**DATA TO EXAMINE**:
>>>

(* Let $s,r\in\mathbb{N}$ and let $\mathcal{C}$ be a class of finite graphs such that each $G\in\mathcal{C}$ is obtained from some complete bipartite graph $K_{n,m}$ with $n\le m\le 2^{sn+r}$ by possibly adding new edges (on the same vertex set). Then $\mathcal{C}$ is $\mathrm{MSO}_2$-orderable.
   Context: For $G=\langle V,E\rangle$, $\lceil G\rceil=\langle V\cup E,\mathrm{inc}\rangle$ (universe $V\cup E$, incidence relation). An MSO-formula $\varphi(x,y;Z_0,\dots,Z_{k-1})$ defines an order on a class $\mathcal{K}$ of structures if for every non-empty $\mathfrak{A}\in\mathcal{K}$ there are $P_0,\dots,P_{k-1}\subseteq A$ with $\{(a,b):\mathfrak{A}\models\varphi(a,b;\bar P)\}$ a linear order on $A$. A graph class is $\mathrm{MSO}_2$-orderable if some MSO-formula defines an order on $\{\lceil G\rceil : G\in\mathcal{C}\}$. *)

From mathcomp Require Import all_boot.
Set Implicit Arguments. Unset Strict Implicit. Unset Printing Implicit Defensive.

Record graph := Graph {
  gV :> finType;
  gadj : rel gV;
  gadj_sym : symmetric gadj;
  gadj_irr : irreflexive gadj }.

Definition is_edge (G : graph) (A : {set gV G}) : bool :=
  [exists u : gV G, exists v : gV G, gadj u v && (A == [set u; v])].
Definition edge_t (G : graph) : finType := {A : {set gV G} | is_edge A}.

(** Universe of the incidence structure [G] : V + E. *)
Definition inc_univ (G : graph) : finType := (gV G + edge_t G)%type.

Definition inc (G : graph) : rel (inc_univ G) :=
  fun x y => match x, y with
             | inl v, inr e => v \in val e
             | _, _ => false
             end.

(** Monadic second-order logic over one binary relation symbol R.
    First-order variables and set variables are indexed by nat (named variables). *)
Inductive mso : Type :=
| MRel of nat & nat
| MEq of nat & nat
| MMem of nat & nat
| MNeg of mso
| MAnd of mso & mso
| MEx1 of nat & mso
| MEx2 of nat & mso.

Definition upd {A : Type} (f : nat -> A) (i : nat) (a : A) : nat -> A :=
  fun j => if j == i then a else f j.

Fixpoint msat (T : finType) (R : rel T) (phi : mso)
  (nu : nat -> T) (mu : nat -> {set T}) : Prop :=
  match phi with
  | MRel i j => R (nu i) (nu j)
  | MEq i j => nu i = nu j
  | MMem i j => nu i \in mu j
  | MNeg p => ~ msat R p nu mu
  | MAnd p q => msat R p nu mu /\ msat R q nu mu
  | MEx1 i p => exists a : T, msat R p (upd nu i a) mu
  | MEx2 j p => exists A : {set T}, msat R p nu (upd mu j A)
  end.

Fixpoint mso_scoped (fo so : nat -> bool) (phi : mso) : bool :=
  match phi with
  | MRel i j | MEq i j => fo i && fo j
  | MMem i j => fo i && so j
  | MNeg p => mso_scoped fo so p
  | MAnd p q => mso_scoped fo so p && mso_scoped fo so q
  | MEx1 i p => mso_scoped (fun n => (n == i) || fo n) so p
  | MEx2 j p => mso_scoped fo (fun n => (n == j) || so n) p
  end.

(** phi(x,y; Z_0..Z_{k-1}): free FO variables among {0,1} (x = 0, y = 1),
    free set variables among {0,..,k-1}. *)
Definition mso_formula_xyZ (k : nat) (phi : mso) : bool :=
  mso_scoped (fun n => n < 2) (fun n => n < k) phi.

Definition linear_order (T : Type) (le : T -> T -> Prop) : Prop :=
  (forall a, le a a) /\
  (forall a b, le a b -> le b a -> a = b) /\
  (forall a b c, le a b -> le b c -> le a c) /\
  (forall a b, le a b \/ le b a).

<<<

**DIRECTIONS FOR THIS TASK**:
From the listing above, return each line with the word "Prop".

**ANSWER BOX**:
  (nu : nat -> T) (mu : nat -> {set T}) : Prop :=
Definition linear_order (T : Type) (le : T -> T -> Prop) : Prop :=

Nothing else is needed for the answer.